QSpark: Towards Reliable Qiskit Code Generation
This addresses the challenge of error-prone AI-generated quantum code for researchers and developers, though it is incremental with clear limitations on advanced tasks.
The paper tackled the problem of generating reliable Qiskit code for quantum circuits by fine-tuning the Qwen2.5-Coder-32B model with RL methods, achieving up to 56.29% Pass@1 on the Qiskit HumanEval benchmark, a 10 percentage point improvement over baselines.

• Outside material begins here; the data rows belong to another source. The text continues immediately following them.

Lemma glued_cylinderE :
  [set w | forall n, (n <= m)%N -> glued k N Zs n w = z n] =
  [set w | forall i, (i < N)%N -> block_cylinder i w].
Proof.
apply/seteqP; split => w /= cyl_w.
  by move=> i iN n nm /blk_in_block blk_n; rewrite -cyl_w // /glued blk_n.
move=> n nm; have /and3P[blkN _ _] := in_block_blk n.
exact: cyl_w blkN n nm (in_block_blk n).
Qed.

Lemma block_cylinder_proc_sigma i : (i < N)%N ->
  proc_sigma (Zs i) (k i) (block_end k N i) (block_cylinder i).
Proof.
move=> iN; apply: g_sigma_bounded_forall => n _ /=.
have [/in_block_window win | _] := boolP (in_block i n).
  apply: sub_sigma_algebra; exists n, (z n); split => //.
  by apply/seteqP; split => w /=; [apply | move=> ->].
have -> : [set w | false -> Zs i n w = z n] = setT by apply/seteqP; split.
exact: g_sigma_setT.
Qed.

Lemma block_cylinder_lb i : (i < N)%N ->
  ((delta * \prod_(n < m | block_step i n) Q (z n) (z n.+1))%:E <=
    P (block_cylinder i))%E.
Proof.
move=> iN; have [nu [nu_st [_ nu_cyl]]] := Zs_markov iN.
have [Q0 _] := Q_stochastic.
case: (leqP (k i) m) => [kim | mki].
  have [win /andP[ki_last _]] := block_last_window iN kim.
  have -> : block_cylinder i = [set w | forall j, (j <= block_last i m - k i)%N ->
      Zs i (k i + j)%N w = z (k i + j)%N].
    apply/seteqP; split => w /= cyl_w j.
      move=> jL; have /andP[ijm ij_in] : ((k i + j <= m) && in_block i (k i + j))%N.
        by rewrite in_block_le_last // leq_addr /=; lia.
      exact: cyl_w ijm ij_in.
    move=> jm /(conj jm) /andP; rewrite in_block_le_last // => /andP[kij jl].
    by rewrite -(subnKC kij) cyl_w //; lia.
  rewrite nu_cyl ?subnKC // (prod_block_step (fun n => Q (z n) (z n.+1)) iN kim).
  under eq_bigr do rewrite -addnS.
  rewrite addn0 lee_fin.
  by rewrite ler_wpM2r ?stationary_ge_delta //; apply: prodr_ge0.
have -> : block_cylinder i = setT.
  by apply/seteqP; split => // w _ n nm /and3P[_ kin _]; lia.
rewrite probability_setT big_pred0 ?mulr1; last first.
  move=> n; apply/negP => /andP[+ _]; rewrite blk_eq => /and3P[_ kin _].
  by have := ltn_ord n; lia.
have [[nu0 nu1] _] := nu_st.
by rewrite lee_fin (le_trans (stationary_ge_delta nu_st (z 0%N))) ?le1_of_sum1.
Qed.

Lemma glued_cylinder_lb :
  ((delta ^+ N * \prod_(n < m) Q (z n) (z n.+1))%:E <=
    P [set w | forall n, (n <= m)%N -> glued k N Zs n w = z n])%E.
Proof.
have [Q0 Q1] := Q_stochastic.
have Q01 x y : 0 <= Q x y <= 1 by rewrite Q0 le1_of_sum1.
rewrite glued_cylinderE (Zs_indep block_cylinder_proc_sigma).
apply: le_trans (lee_prod_EFin _ (fun i : 'I_N => block_cylinder_lb (ltn_ord i)));
  last first.
  by move=> i; rewrite mulr_ge0 ?(ltW delta_gt0) //; apply: prodr_ge0.
rewrite lee_fin big_split prodr_const card_ord /=.
rewrite ler_wpM2l ?exprn_ge0 ?(ltW delta_gt0) //.
apply: prod_le_disjoint_prods => [n | i j n /andP[/eqP ni _] /andP[/eqP nj _]].
  exact: Q01.
by apply: val_inj; rewrite /= -ni nj.
Qed.

End GluedCylinder.
End Blocks.

Section MonotoneClass.
Variables (R : realType) (d : measure_display) (T : measurableType d).

Lemma le_measure_setring (C : set (set T)) (mu nu : {measure set T -> \bar R}) :
  setring C -> C setT -> C `<=` measurable -> measurable `<=` <<s C>> ->
  (forall A, measurable A -> mu A < +oo)%E -> (forall A, measurable A -> nu A < +oo)%E ->
  (forall A, C A -> mu A <= nu A)%E -> forall A, measurable A -> (mu A <= nu A)%E.
Proof.
move=> C_ring CT C_meas meas_C mu_fin nu_fin le_C.
pose D := [set A | measurable A /\ (mu A <= nu A)%E].
have le_cvg (G : (set T)^nat) a b : mu \o G @ \oo --> a -> nu \o G @ \oo --> b ->
    (forall n, D (G n)) -> (a <= b)%E.
  move=> mu_a nu_b DG; rewrite -(cvg_lim _ mu_a) // -(cvg_lim _ nu_b) //.
  apply: lee_lim; [exact: cvgP mu_a | exact: cvgP nu_b |].
  by apply: nearW => n; exact: (DG n).2.
have D_monotone : monotone D.
  split=> G monoG DG; have mG n : measurable (G n) := (DG n).1.
    have mU : measurable (\bigcup_n G n) by exact: bigcupT_measurable.
    by split=> //; apply: (le_cvg G _ _ _ _ DG); exact: nondecreasing_cvg_mu.
  have mI : measurable (\bigcap_n G n) by exact: bigcapT_measurable.
  split=> //; apply: (le_cvg G _ _ _ _ DG); apply: nonincreasing_cvg_mu => //.
  - exact: mu_fin.
  - exact: nu_fin.
have sigma_ring_D : <<sr C>> `<=` D.
  apply: monotone_setring_sub_g_sigma_ring D_monotone C_ring _.
  by move=> A CA; split; [exact: C_meas | exact: le_C].
suff sigma_C : <<s C>> `<=` <<sr C>> by move=> A /meas_C /sigma_C /sigma_ring_D [].
apply: smallest_sub; last exact: sub_g_sigma_ring.
have [s0 sD sU] := smallest_sigma_ring C; split=> // A sA.
by apply: sD => //; exact: sub_g_sigma_ring.
Qed.

End MonotoneClass.

(* [g_sigma_algebraType] needs a pointed carrier, and [nat -> F] has no canonical
   point for a bare finType [F]: the path [f0] provides one. *)
Definition paths_from {F : Type} (f0 : nat -> F) := nat -> F.
HB.instance Definition _ (F : Type) (f0 : nat -> F) := gen_eqMixin (paths_from f0).
HB.instance Definition _ (F : Type) (f0 : nat -> F) := gen_choiceMixin (paths_from f0).
HB.instance Definition _ (F : Type) (f0 : nat -> F) := isPointed.Build (paths_from f0) f0.

Section PathSpace.
Variables (R : realType) (F : finType) (f0 : nat -> F).

Definition coord_sets : set (set (paths_from f0)) :=
  [set A | exists n x, A = [set f | f n = x]].
Local Notation paths := (g_sigma_algebraType coord_sets).

Lemma path_measurable_EFin (L : (nat -> F) -> R) : path_measurable L ->
  measurable_fun [set: paths] ((fun f => (L f)%:E) : paths -> \bar R).
Proof.
move=> mL; apply/(measurable_EFinP _ (L : paths -> R)) => _ B mB.
by rewrite setTI; exact: mL.
Qed.

Lemma measurable_sample_path d (Omega : measurableType d) (X : nat -> Omega -> F) :
  (forall n x, measurable [set w | X n w = x]) ->
  measurable_fun [set: Omega] ((fun w n => X n w) : Omega -> paths).
Proof.
move=> mX; apply: (@measurability _ _ _ paths _ _ coord_sets) => //.
by move=> _ [B [n [x ->]] <-]; rewrite setTI; exact: mX.
Qed.

Definition prefix m (f : nat -> F) : {ffun 'I_m.+1 -> F} := [ffun j : 'I_m.+1 => f j].

Lemma prefixP m p (f : nat -> F) :
  prefix m f = p <-> forall j, (j <= m)%N -> f j = p (inord j).
Proof.
split=> [<- j jm | fp]; first by rewrite ffunE inordK.
by apply/ffunP => j; rewrite ffunE fp ?inord_val // -ltnS.
Qed.

Lemma measurable_prefix_eq m p : measurable ([set f | prefix m f = p] : set paths).
Proof.
have -> : [set f | prefix m f = p] = [set f | forall j, (j <= m)%N -> f j = p (inord j)].
  by apply/seteqP; split=> f /= /prefixP.
by apply: g_sigma_bounded_forall => j _; apply: sub_sigma_algebra; exists j, (p (inord j)).
Qed.

Lemma prefix_in_cons m p s :
  [set f : paths | prefix m f \in p :: s] =
  [set f | prefix m f = p] `|` [set f | prefix m f \in s].
Proof.
apply/seteqP; split=> f /=; rewrite inE; first by case/orP => [/eqP|]; [left | right].
by case=> [-> | ->]; rewrite ?eqxx ?orbT.
Qed.

Lemma measurable_prefix_in m (s : seq {ffun 'I_m.+1 -> F}) :
  measurable ([set f | prefix m f \in s] : set paths).
Proof.
elim: s => [|p s IH].
  by have -> : [set f | prefix m f \in [::]] = set0 by apply/seteqP; split.
by rewrite prefix_in_cons; apply: measurableU IH; exact: measurable_prefix_eq.
Qed.

Lemma measure_prefix_in (mu : {measure set paths -> \bar R}) m (s : seq {ffun 'I_m.+1 -> F}) :
  uniq s -> mu [set f | prefix m f \in s] = (\sum_(p <- s) mu [set f | prefix m f = p])%E.
Proof.
elim: s => [_ | p s IH /andP[ps us]].
  by rewrite big_nil; have -> : [set f | prefix m f \in [::]] = set0 by apply/seteqP; split.
rewrite prefix_in_cons measureU.
- by rewrite big_cons; congr (_ + _)%E; exact: IH.
- exact: measurable_prefix_eq.
- exact: measurable_prefix_in.
- by apply/seteqP; split=> // f /= [-> ps']; move: ps; rewrite ps'.
Qed.

Definition finite_dimensional (A : set paths) :=
  exists m, forall f g : paths, (forall j, (j <= m)%N -> f j = g j) -> A f -> A g.

Lemma finite_dimensional_setring : setring finite_dimensional.
Proof.
split; first by exists 0%N.
- move=> A B [m1 A1] [m2 B2]; exists (maxn m1 m2) => f g fg [Af | Bf].
    by left; apply: (A1 f) => // j jm; apply: fg; rewrite leq_max jm.
  by right; apply: (B2 f) => // j jm; apply: fg; rewrite leq_max jm orbT.
- move=> A B [m1 A1] [m2 B2]; exists (maxn m1 m2) => f g fg [Af nBf]; split.
    by apply: (A1 f) => // j jm; apply: fg; rewrite leq_max jm.
  move=> Bg; apply: nBf; apply: (B2 g) => // j jm; apply/esym/fg.
  by rewrite leq_max jm orbT.
Qed.

Lemma finite_dimensional_prefix_in A : finite_dimensional A ->
  exists m (s : seq {ffun 'I_m.+1 -> F}), uniq s /\ A = [set f | prefix m f \in s].
Proof.
move=> [m A_m]; exists m.
exists [seq p <- index_enum {ffun 'I_m.+1 -> F} | `[< exists f, A f /\ prefix m f = p >]].
split; first by rewrite filter_uniq // index_enum_uniq.
apply/seteqP; split=> f /=.
  by move=> Af; rewrite mem_filter mem_index_enum andbT; apply/asboolP; exists f.
rewrite mem_filter => /andP[/asboolP [g [Ag /prefixP gp]] _].
by apply: (A_m g) => // j jm; rewrite gp // ffunE inordK.
Qed.

Lemma le_path_measure (mu nu : {measure set paths -> \bar R}) :
  (forall A, measurable A -> mu A < +oo)%E -> (forall A, measurable A -> nu A < +oo)%E ->
  (forall m p, mu [set f | prefix m f = p] <= nu [set f | prefix m f = p])%E ->
  forall A, measurable A -> (mu A <= nu A)%E.
Proof.
move=> mu_fin nu_fin le_prefix.
apply: le_measure_setring finite_dimensional_setring _ _ _ mu_fin nu_fin _.
- by exists 0%N.
- by move=> A /finite_dimensional_prefix_in [m [s [_ ->]]]; exact: measurable_prefix_in.
- apply: sub_sigma_algebra2 => _ [n [x ->]].
  by exists n => f g fg /= <-; apply/esym/fg.
move=> A /finite_dimensional_prefix_in [m [s [us ->]]].
by rewrite !measure_prefix_in //; apply: lee_sum => p _.
Qed.

End PathSpace.

Section SamplePathComparison.
Variables (R : realType) (F : finType).
Variables (d1 d2 : measure_display) (Omega1 : measurableType d1) (Omega2 : measurableType d2)
  (P1 : probability Omega1 R) (P2 : probability Omega2 R)
  (X1 : nat -> Omega1 -> F) (X2 : nat -> Omega2 -> F) (rho : R).
Hypotheses (rho_ge0 : 0 <= rho)
  (X1_meas : forall n x, measurable [set w | X1 n w = x])
  (X2_meas : forall n x, measurable [set w | X2 n w = x])
  (le_cylinder : forall m (z : nat -> F),
    (P1 [set w | forall j, (j <= m)%N -> X1 j w = z j] <=
     rho%:E * P2 [set w | forall j, (j <= m)%N -> X2 j w = z j])%E).

Lemma le_integral_sample_paths (L : (nat -> F) -> R) :
  path_measurable L -> (forall f, 0 <= L f) ->
  (\int[P1]_w (L (fun n => X1 n w))%:E <= rho%:E * \int[P2]_w (L (fun n => X2 n w))%:E)%E.
Proof.
move=> mL L_ge0; pose f0 n := X1 n point.
pose paths := g_sigma_algebraType (coord_sets (f0 := f0)).
pose path1 : Omega1 -> paths := fun w n => X1 n w.
pose path2 : Omega2 -> paths := fun w n => X2 n w.
have mpath1 : measurable_fun setT path1 := measurable_sample_path X1_meas.
have mpath2 : measurable_fun setT path2 := measurable_sample_path X2_meas.
have mLE := @path_measurable_EFin _ _ f0 _ mL.
have LE_ge0 : {in setT, forall f : paths, 0 <= (L f)%:E}%E by move=> f _; rewrite lee_fin.
have := ge0_integral_pushforward mpath1 P1 measurableT mLE LE_ge0.
have := ge0_integral_pushforward mpath2 P2 measurableT mLE LE_ge0.
rewrite !preimage_setT => <- <-.
rewrite -(ge0_integral_mscale _ measurableT (NngNum rho_ge0) mLE); last first.
  by move=> f _; rewrite lee_fin.
apply: ge0_le_measure_integral => //; apply: le_path_measure.
- move=> A mA; rewrite /pushforward.
  apply: le_lt_trans (probability_le1 _ _) _; last by rewrite ltry.
  by rewrite -[X in measurable X]setTI; exact: mpath1.
- move=> A mA; rewrite /mscale /pushforward /=.
  apply: le_lt_trans (lee_wpmul2l _ (probability_le1 _ _)) _.
  + by rewrite lee_fin.
  + by rewrite -[X in measurable X]setTI; exact: mpath2.
  + by rewrite mule1 ltry.
move=> m p; have cylinder_prefix d (Omega : measurableType d) (X : nat -> Omega -> F) :
    [set w | forall j, (j <= m)%N -> X j w = p (inord j)] =
    (fun w n => X n w) @^-1` [set f | prefix m f = p].
  by apply/seteqP; split=> w /= /prefixP.
by have := le_cylinder m (fun j => p (inord j)); rewrite !cylinder_prefix.
Qed.

End SamplePathComparison.

Unset Implicit Arguments.

Theorem lemma5p1 (R : realType) (F : finType) (Q : F -> F -> R) (N : nat) :
  stochastic Q -> irreducible Q -> (1 <= N)%N ->
  exists rho : R,
    forall (d1 : measure_display) (Omega1 : measurableType d1)
      (P1 : probability Omega1 R) (mu : F -> R) (Z : nat -> Omega1 -> F),
    prob_distr mu -> markov_on P1 Z 0 None mu Q ->
    forall k : nat -> nat, k 0%N = 0%N ->
      (forall i, (i.+1 < N)%N -> (k i < k i.+1)%N) ->
    forall (d2 : measure_display) (Omega2 : measurableType d2)
      (P2 : probability Omega2 R) (Zs : nat -> nat -> Omega2 -> F),
    (forall i, (i < N)%N -> exists nu, stationary_distr Q nu /\
        markov_on P2 (Zs i) (k i) (block_end k N i) nu Q) ->
    indep_procs P2 N k Zs ->
    forall L : (nat -> F) -> R, path_measurable L -> (forall f, 0 <= L f) ->
    (\int[P1]_w (L (fun n => Z n w))%:E <=
       rho%:E * \int[P2]_w (L (fun n => glued k N Zs n w))%:E)%E.
Proof.
move=> Q_sto Q_irr N_gt0; have [Q0 _] := Q_sto.
have [delta delta_gt0 delta_le] := stationary_distr_lb Q_sto Q_irr.
have deltaN_gt0 : 0 < delta ^+ N by exact: exprn_gt0.
exists (delta ^+ N)^-1 => d1 Omega1 P1 mu Z [mu0 mu1] [Z_meas Z_cyl] k k0 k_incr
  d2 Omega2 P2 Zs Zs_markov Zs_indep L mL L_ge0.
apply: le_integral_sample_paths => //.
- by rewrite invr_ge0 ltW.
- by move=> n x; exact: Z_meas.
- move=> n x; have /and3P[blkN _ _] := in_block_blk N_gt0 k0 n.
  have [nu [_ [Zs_meas _]]] := Zs_markov _ blkN.
  by apply: Zs_meas; exact/in_block_window/(in_block_blk N_gt0 k0).
- move=> m z; rewrite [X in (X <= _)%E](Z_cyl m z isT).
  apply: le_trans (lee_wpmul2l _ (glued_cylinder_lb N_gt0 k0 k_incr Q_sto delta_gt0
    delta_le Zs_markov Zs_indep z m)); last by rewrite lee_fin invr_ge0 ltW.
  rewrite -EFinM lee_fin mulrA mulVf ?gt_eqF // mul1r.
  by rewrite ler_piMl ?prodr_ge0 // le1_of_sum1.
Qed.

Quantum circuits must be error-resilient, yet LLMs like Granite-20B-Code and StarCoder often output flawed Qiskit code. We fine-tuned the Qwen2.5-Coder-32B model with two RL methods, Group Relative Policy Optimization (GRPO) and Odds-Ratio Preference Optimization (ORPO), using a richly annotated synthetic dataset. On the Qiskit HumanEval benchmark, ORPO reaches 56.29% Pass@1 ($\approx+10$ pp over Granite-8B-QK) and GRPO hits 49%, both beating all general-purpose baselines; on the original HumanEval they score 65.90% and 63.00%. GRPO performs well on basic tasks (44/78) and excels on intermediate ones (41/68), but neither GRPO nor ORPO solves any of the five advanced tasks, highlighting clear gains yet room for progress in AI-assisted quantum programming.